Collected data entries:
● ● ● ●

Lemma size_forward v : size (forward v) = count light (rpath v).
Proof. by rewrite size_bump_last size_compressed. Qed.

Lemma forward_gt0 v : v \in VT -> 0 < size (forward v).
Proof. by rewrite size_forward; apply: (count_light_rpath_gt0 tree). Qed.

Lemma forward_le v : v \in VT -> size (forward v) <= lg n.
Proof. by rewrite size_forward; apply: (count_light_rpath_le tree heavy_child_choice). Qed.

Lemma forward_entry_lt v e : v \in VT -> e \in forward v -> e.1 < 2 ^ word /\ e.2 < 2 ^ word.
Proof.
move=> vT /bump_last_mem [e' /(compressed_entry vT) [[x ->] e'v] [-> e2]].
split; first exact: ID_lt_pow_W.
apply: leq_ltn_trans n_lt_pow_W; apply: leq_trans e2 _.
by have := depth_lt tree vT; case: (heavy v); lia.
Qed.

Lemma start_root : start s = height s.
Proof. by rewrite /start (depth_root tree). Qed.

Lemma start_parent v : v \in VT -> v != s -> start v = start (p v) + size (forward (p v)).
Proof. by move=> vT vs; rewrite /start (depth_parent tree vT vs). Qed.

Lemma height_le_start v : v \in VT -> height v <= start v.
Proof.
move: v; apply: (tree_ind tree) => [|v vT vs IH]; first by rewrite start_root.
rewrite start_parent //; have := height_child_lt tree (children_parent p vT vs).
by have := forward_gt0 (parent_in_tree tree vT vs); lia.
Qed.

Lemma start_le v : v \in VT -> start v <= height s + depth v * lg n.
Proof.
move: v; apply: (tree_ind tree) => [|v vT vs IH].
  by rewrite start_root (depth_root tree) addn0.
rewrite start_parent // (depth_parent tree vT vs) mulSn.
by have := forward_le (parent_in_tree tree vT vs); lia.
Qed.

Lemma scheduled_up c u k : c \in children u ->
  scheduled_msg k c u = if k == height c then Some (bits word (subtree_size c)) else None.
Proof.
move=> cu; have [cT cs pc uT dc] := child_facts tree cu.
rewrite /scheduled_msg cT cs -pc eqxx /=; case: (k == height c) => //.
suff -> : (p c \in children c) = false by [].
by apply/negbTE/negP => /(child_facts tree) [_ _ _ _]; rewrite pc dc; lia.
Qed.

Definition down_entry u j :=
  down_msg word (heavy_child (p u) == u) (j == (size (forward (p u))).-1)
           (nth (0, 0) (forward (p u)) j).

Lemma scheduled_down u k : u \in VT -> u != s ->
  scheduled_msg k (p u) u = if (start (p u) <= k) && (k < start (p u) + size (forward (p u)))
                   then Some (down_entry u (k - start (p u))) else None.
Proof.
move=> uT us; rewrite /scheduled_msg children_parent //.
suff -> : (u == p (p u)) = false by rewrite !andbF.
have pT := parent_in_tree tree uT us.
apply/negbTE/negP => /eqP upp; have pus : p u != s.
  by apply: contra_neq us => pus; rewrite upp pus (parent_root tree).
by have := depth_parent tree uT us; have := depth_parent tree pT pus; rewrite -upp; lia.
Qed.

Definition state_inv r v (st : LocalInput * history) :=
  [/\ st.1 = loc v, size st.2 = r &
      forall k u, k < r -> adj u v -> received st.2 k (ID u) = scheduled_msg k u v].

Hypothesis adj_sym : symmetric adj.

Lemma adj_child c u : c \in children u -> adj c u.
Proof. by case/(child_facts tree)=> cT cs <- _ _; apply: (adj_parent tree). Qed.

Lemma width_loc v : width cid (loc v) = word. Proof. by []. Qed.

Section LocalView.
Variables (r : nat) (u : 'I_n) (h : history).
Hypotheses (uT : u \in VT) (inv : state_inv r u (loc u, h)).

Lemma size_history : size h = r. Proof. by case: inv. Qed.

Lemma received_child c k : c \in children u -> k < r ->
  received h k (ID c) = if k == height c then Some (bits word (subtree_size c)) else None.
Proof. by case: inv => _ _ rec cu kr; rewrite rec ?scheduled_up ?adj_child. Qed.

Lemma all_reportedE i : i <= r -> all_reported (loc u) h i = (height u <= i).
Proof.
move=> ir; rewrite /all_reported /= all_map.
rewrite (eq_in_all (a2 := fun c => height c < i)) => [|c]; last first.
  rewrite mem_enum => cu /=; rewrite /reported (eq_in_has (a2 := pred1 (height c))).
    by rewrite has_pred1 mem_iota.
  by move=> k; rewrite mem_iota add0n => /andP [_ ki]; rewrite received_child //=;
    [case: (k == height c) | lia].
rewrite (heightE tree uT); apply/allP/bigmax_leqP => [lt_i c cu|lt_i c].
  by apply: lt_i; rewrite mem_enum.
by rewrite mem_enum => /lt_i.
Qed.

Lemma child_sizeE c : c \in children u -> height c < r -> child_size h (ID c) = subtree_size c.
Proof.
move=> cu cr; pose msg := bits word (subtree_size c).
have window : {in iota 0 r, (fun k => received h k (ID c)) =1 fun k =>
    if (height c <= k) && (k < height c + 1) then Some ((fun=> msg) (k - height c)) else None}.
  move=> k; rewrite mem_iota => /andP [_ kr]; rewrite received_child //.
  by have -> : (height c <= k) && (k < height c + 1) = (k == height c) by apply/andP/eqP; lia.
rewrite /child_size size_history (eq_in_pmap window) (pmap_window (fun=> msg)).
rewrite (_ : minn _ 1 = 1); last lia.
change (nat_of_bits msg = subtree_size c); rewrite bitsK //; apply: leq_ltn_trans _ n_lt_pow_W.
by apply: leq_trans (max_card _) _; rewrite card_ord.
Qed.

Lemma height_child_le c : c \in children u -> height u <= r -> height c < r.
Proof. by move=> cu; apply: leq_trans (height_child_lt tree cu). Qed.

Lemma local_sizeE : height u <= r -> local_size (loc u) h = subtree_size u.
Proof.
move=> ur; rewrite /local_size /= -map_comp.
have -> : map (child_size h \o ID) (enum (children u)) = map subtree_size (enum (children u)).
  by apply/eq_in_map => c; rewrite mem_enum => cu /=; rewrite child_sizeE // height_child_le.
by rewrite sumnE big_map big_enum /subtree_size (card_subtree tree uT).
Qed.

Lemma local_heavy_childE : height u <= r -> local_heavy_child (loc u) h = ID (heavy_child u).
Proof.
move=> ur; rewrite /local_heavy_child /= (argmax_map (h := subtree_size)) // => c.
by rewrite mem_enum => cu; rewrite child_sizeE // height_child_le.
Qed.

Lemma is_rootE : is_root (loc u) = (u == s).
Proof. by rewrite /is_root /= uT /=; case: (u == s). Qed.

Lemma start_round_root : u == s -> start_round (loc u) h = minn (height u) r.+1.
Proof.
move=> us; rewrite /start_round is_rootE us size_history.
rewrite (eq_in_find (a2 := fun i => height u <= i)) => [|i]; last first.
  by rewrite mem_iota add0n ltnS => /andP [_ ir]; apply: all_reportedE.
by apply: find_iota_first => // i; rewrite -ltnNge.
Qed.

Section NonRoot.
Hypothesis us : u != s.

Lemma parent_idE : parent_id (loc u) = ID (p u).
Proof. by rewrite /parent_id /= uT us. Qed.

Lemma received_parent k : k < r -> received h k (ID (p u)) = scheduled_msg k (p u) u.
Proof. by case: inv => _ _ rec kr; rewrite rec // adj_sym (adj_parent tree). Qed.

Lemma parent_msgsE :
  parent_msgs (loc u) h = mkseq (down_entry u) (minn (r - start (p u)) (size (forward (p u)))).
Proof.
rewrite /parent_msgs parent_idE size_history -pmap_window; apply: eq_in_pmap => k.
by rewrite mem_iota => /andP [_ kr]; rewrite received_parent // scheduled_down.
Qed.

Lemma informedE : informed (loc u) h = (start u <= r).
Proof.
rewrite /informed parent_msgsE has_map (eq_has (a2 := pred1 (size (forward (p u))).-1)) //.
rewrite has_pred1 mem_iota (start_parent uT us) /=.
by have := forward_gt0 (parent_in_tree tree uT us); lia.
Qed.

Lemma start_round_nonroot : start_round (loc u) h = (minn (start u).-1 r).+1.
Proof.
have fw_gt0 := forward_gt0 (parent_in_tree tree uT us).
rewrite /start_round is_rootE (negbTE us) parent_idE size_history; congr _.+1.
rewrite (eq_in_find (a2 := pred1 (start u).-1)) => [|k]; last first.
  rewrite mem_iota => /andP [_ kr].
  rewrite received_parent // scheduled_down // (start_parent uT us).
  by case: ifP => /= [/andP []|/negbT]; [move=> *; apply/eqP/eqP | rewrite negb_and -!ltnNge]; lia.
by apply: find_iota_first => [k|]; rewrite /= ?eqxx //; move=> kl; apply/eqP; lia.
Qed.

Lemma local_view_nonroot : start u <= r ->
  local_heavy (loc u) h = heavy u /\ local_cpath word (loc u) h = compressed u.
Proof.
move=> ur; have pT := parent_in_tree tree uT us; have fw_gt0 := forward_gt0 pT.
have msgs : parent_msgs (loc u) h = mkseq (down_entry u) (size (forward (p u))).
  by rewrite parent_msgsE; congr mkseq; move: ur; rewrite (start_parent uT us); lia.
have heavyE : local_heavy (loc u) h = heavy u.
  rewrite /local_heavy is_rootE (negbTE us) msgs.
  by case: (size _) fw_gt0 => //= k _; rewrite /Defs.heavy uT us.
split => //; rewrite /local_cpath is_rootE (negbTE us) heavyE msgs /mkseq -map_comp.
rewrite (compressed_parent tree _ _ uT us) /Defs.light uT /=.
congr (_ ++ _); last by case: (heavy u).
rewrite -[RHS](mkseq_nth (0, 0)); apply/eq_in_map => j; rewrite mem_iota => /andP [_ j_lt] /=.
by have [e1 e2] := forward_entry_lt pT (mem_nth (0, 0) j_lt); rewrite msg_entryK.
Qed.

End NonRoot.

Lemma local_view : (u == s) || (start u <= r) ->
  local_heavy (loc u) h = heavy u /\ local_cpath word (loc u) h = compressed u.
Proof.
case: (eqVneq u s) => [us|us] /= ur; last exact: local_view_nonroot.
by rewrite /local_heavy /local_cpath is_rootE us eqxx (heavy_root VT) (compressed_root tree).
Qed.

Lemma start_roundE : start u <= r -> start_round (loc u) h = start u.
Proof.
move=> ur; case: (eqVneq u s) => [us|us].
  by move: ur; rewrite start_round_root ?us ?eqxx // start_root; lia.
rewrite start_round_nonroot //; have := forward_gt0 (parent_in_tree tree uT us).
by move: ur; rewrite (start_parent uT us); lia.
Qed.

Lemma start_round_gt : r < start u -> r < start_round (loc u) h.
Proof.
move=> ru; case: (eqVneq u s) => [us|us]; last by rewrite start_round_nonroot //; lia.
by move: ru; rewrite start_round_root ?us ?eqxx // start_root; lia.
Qed.

Lemma forwardedE : start u <= r -> forwarded word (loc u) h = forward u.
Proof.
by move=> ur; rewrite /forwarded; have [|-> ->] := local_view; rewrite ?ur ?orbT.
Qed.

● ● ● ●

**WHAT IS BEING ASKED**: Please transcribe exactly the lines above from the line that has "c)) =1 fun k =>" up to and including the line that has "rewrite (_ : minn _ 1 = 1); last lia."; no other line belongs in the answer.

**THE COMPLETED TASK**:
have window : {in iota 0 r, (fun k => received h k (ID c)) =1 fun k =>
    if (height c <= k) && (k < height c + 1) then Some ((fun=> msg) (k - height c)) else None}.
  move=> k; rewrite mem_iota => /andP [_ kr]; rewrite received_child //.
  by have -> : (height c <= k) && (k < height c + 1) = (k == height c) by apply/andP/eqP; lia.
rewrite /child_size size_history (eq_in_pmap window) (pmap_window (fun=> msg)).
rewrite (_ : minn _ 1 = 1); last lia.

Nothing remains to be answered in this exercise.